А молодые утконосики еще долго после того, как он отвалится (девять или одиннадцать недель!), лежат слепые и беспомощные на подстилке из листьев. Все это время мать кормит их молоком {58}. Сосков у нее нет, поэтому детеныши слизывают его прямо с шерсти. Утконосиха ложится на спину, молоко из молочных пор стекает в небольшую бороздку у нее на брюхе.

Из этого «корытца» детеныши его и вылизывают, пока не подрастут и не научатся сами ловить и есть червей, улиток и раков.

«Кузина» утконоса ехидна, чтобы отложить и высидеть свое единственное яйцо, нору не роет. Мы уже знаем: она вынашивает его в сумке, такой же почти, как у кенгуру.

Вот только непонятно пока, как это яйцо попадает в сумку. Раньше думали, что самка когтями или клювом закатывает его туда.
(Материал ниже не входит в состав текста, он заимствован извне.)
(* Let $q>2$, $n\ge 2$, and let $f:H(n,q)\to\mathbb{R}$ be an eigenfunction of $H(n,q)$ with eigenvalue $\lambda_1=n(q-1)-q$, i.e. $f\not\equiv0$ and $Af=\lambda_1 f$ where $A$ is the adjacency matrix of $H(n,q)$. Then $|S(f)|\ge 2(q-1)q^{n-2}$. Moreover, if $|S(f)|=2(q-1)q^{n-2}$, then there exist $i\ne j$ in $\{1,\dots,n\}$, $k,m\in\{0,\dots,q-1\}$ and a constant $c\ne0$ such that $f(x)=c$ for $x\in T_k(i,n)\setminus T_m(j,n)$, $f(x)=-c$ for $x\in T_m(j,n)\setminus T_k(i,n)$, and $f(x)=0$ otherwise.
   Context: The Hamming graph $H(n,q)$ has vertex set $\{0,1,\dots,q-1\}^n$, two words being adjacent iff they differ in exactly one coordinate; its adjacency eigenvalues are $\lambda_m=n(q-1)-qm$, $m=0,\dots,n$. For $f:H(n,q)\to\mathbb{R}$, its support is $S(f)=\{x: f(x)\ne 0\}$. $T_k(i,n)$ denotes the set of vertices of $H(n,q)$ whose $i$-th coordinate equals $k$. *)

From HB Require Import structures.
From mathcomp Require Import all_boot all_order all_algebra.
Set Implicit Arguments. Unset Strict Implicit. Unset Printing Implicit Defensive.
Import Order.TTheory GRing.Theory Num.Theory.
Local Open Scope ring_scope.

(* Vertices of H(n,q): words of length n over {0,...,q-1}; coordinates are
   indexed by 'I_n (coordinate i+1 of the paper is index i here). *)
Definition hword (n q : nat) := {ffun 'I_n -> 'I_q}.

Definition hadj (n q : nat) (x y : hword n q) : bool :=
  #|[set i : 'I_n | x i != y i]| == 1%N.

Definition hA (R : nzRingType) (n q : nat) (f : hword n q -> R) (x : hword n q) : R :=
  \sum_(y : hword n q | hadj x y) f y.

Definition supp (R : nzRingType) (n q : nat) (f : hword n q -> R) : {set hword n q} :=
  [set x | f x != 0].

Definition T (n q : nat) (k : 'I_q) (i : 'I_n) : {set hword n q} :=
  [set x : hword n q | x i == k].

Definition eigenfun (R : nzRingType) (n q : nat) (lam : R) (f : hword n q -> R) : Prop :=
  (exists x, f x != 0) /\ (forall x, hA f x = lam * f x).

From HB Require Import structures.
From mathcomp Require Import all_boot all_order all_algebra ring zify.
Import Order.TTheory GRing.Theory Num.Theory.
Local Open Scope ring_scope.

Set Implicit Arguments. Unset Strict Implicit. Unset Printing Implicit Defensive.

(* The operator A + nI sums f over all single-coordinate updates of x (the
   unchanged word counted once per coordinate).  Its top eigenvalue nq has only
   constant eigenfunctions (maximum principle), and for an eigenfunction f of A
   for lambda_1 every difference x |-> f(x with x_i = k) - f(x with x_i = l) is
   such an eigenfunction.  Hence f(x) = sum_i g_i(x_i) with each g_i summing to 0.
   If a single g_i is nonzero, |S(f)| = q^(n-1) |S(g_i)| >= 2 q^(n-1).  Otherwise
   take two nonzero coordinates i <> j: on each plane obtained by varying x_i and
   x_j, f reads u(a) + v(b) + C with u, v nonconstant.  Rows with distinct values
   of u have disjoint zero sets and every row has a nonzero entry, so such a grid
   has at least 2(q-1) nonzero entries, with equality only for the cross
   c [a = k] - c [b = m].  Summing over the planes gives the bound; in the
   equality case every plane is a cross, and summing a cross over the plane
   shows C = 0 because u and v are centred. *)

Section CoordinateUpdates.
Variables n q : nat.
Implicit Types (x y : hword n q) (i j l : 'I_n) (a b : 'I_q).

Definition upd x i a : hword n q := [ffun l => if l == i then a else x l].

Lemma updE x i a l : upd x i a l = if l == i then a else x l.
Proof. by rewrite ffunE. Qed.

Lemma upd_same x i a : upd x i a i = a.
Proof. by rewrite updE eqxx. Qed.

Lemma upd_other x i a l : l != i -> upd x i a l = x l.
Proof. by rewrite updE => /negbTE ->. Qed.

Lemma upd_id x i : upd x i (x i) = x.
Proof. by apply/ffunP => l; rewrite updE; case: eqP => // ->. Qed.

Lemma upd_upd x i a b : upd (upd x i a) i b = upd x i b.
Proof. by apply/ffunP => l; rewrite !updE; case: eqP. Qed.

Lemma upd_comm x i j a b : i != j -> upd (upd x i a) j b = upd (upd x j b) i a.
Proof.
move=> ij; apply/ffunP => l; rewrite !updE.
by case: (eqVneq l j) => [->|//]; rewrite eq_sym (negbTE ij).
Qed.

Lemma sum_coord_upd (V : zmodType) (G : 'I_n -> 'I_q -> V) x j a :
  \sum_i G i (upd x j a i) = \sum_i G i (x i) - G j (x j) + G j a.
Proof.
rewrite (bigD1 j) //= [in RHS](bigD1 j) //= upd_same addrC [G j (x j) + _]addrC addrK.
by congr (_ + _); apply: eq_bigr => i /upd_other ->.
Qed.

Lemma card_hword : #|hword n q| = (q ^ n)%N.
Proof. by rewrite card_ffun !card_ord. Qed.

Lemma hword_upd_ind (P : hword n q -> Prop) (b : hword n q) :
  P b -> (forall y j a, P y -> P (upd y j a)) -> forall x, P x.
Proof.
move=> Pb Pupd x.
pose w m : hword n q := [ffun l : 'I_n => if (l < m)%N then x l else b l].
have -> : x = w n by apply/ffunP => l; rewrite ffunE ltn_ord.
suff: forall m, P (w m) by [].
elim=> [|m IHm]; first by congr P: Pb; apply/ffunP => l; rewrite ffunE.
have [lt_mn | le_nm] := ltnP m n.
  suff -> : w m.+1 = upd (w m) (Ordinal lt_mn) (x (Ordinal lt_mn)) by exact: Pupd.
  apply/ffunP => l; rewrite updE !ffunE ltnS leq_eqVlt.
  case: (eqVneq l (Ordinal lt_mn)) => [-> /=|lm]; first by rewrite eqxx.
  rewrite (_ : (l == m :> nat) = false) //; apply/negbTE.
  by apply: contraNneq lm => e; rewrite -val_eqE /= e.
congr P: IHm; apply/ffunP => l; rewrite !ffunE ltnS.
by have lt_lm := leq_trans (ltn_ord l) le_nm; rewrite lt_lm (ltnW lt_lm).
Qed.

Lemma diff_coords_upd x i a :
  a != x i -> [set l | x l != upd x i a l] = [set i].
Proof.
move=> a_xi; apply/setP => l; rewrite !inE updE.
by case: (eqVneq l i) => [->|]; rewrite ?eqxx // eq_sym.
Qed.

Lemma hadj_upd x y :
  hadj x y = [exists p : 'I_n * 'I_q, (p.2 != x p.1) && (y == upd x p.1 p.2)].
Proof.
apply/idP/existsP => [/cards1P[i xy_i] | [[i a] /= /andP[a_xi /eqP ->]]].
  have diff l : (x l != y l) = (l == i).
    by have := congr1 (fun S : {set 'I_n} => l \in S) xy_i; rewrite !inE.
  exists (i, y i); rewrite /= eq_sym diff eqxx; apply/eqP/ffunP => l.
  rewrite updE; case: (eqVneq l i) => [->//|l_i].
  by have := diff l; rewrite (negbTE l_i) => /negbFE/eqP ->.
by rewrite /hadj diff_coords_upd // cards1.
Qed.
Но когти и клюв для этого совсем не годятся. Думали, что, может быть, изгибаясь, самка откладывает яйцо прямо в сумку?

А сейчас считают, пишет Эллис Трофтон, что сумка вырастает у ехидны после того, как из яйца выведется детеныш (где-нибудь в укромном местечке). Когда начнет он сосать, прицепившись к шерсти у мамаши на брюхе, сумка сразу быстро-быстро растет и обрастает его со всех сторон, и он, сам того не ведая, оказывается в люльке. Но тогда как же находка Гааке? Ведь Гааке в уже готовой и такой большой сумке, что в нее «можно было положить мужские часы», нашел яйцо, а не детеныша?

Поэтому вернее всего будет, если мы скажем: зоологи еще толком не знают, как яйцо ехидны попадает из клоаки в сумку.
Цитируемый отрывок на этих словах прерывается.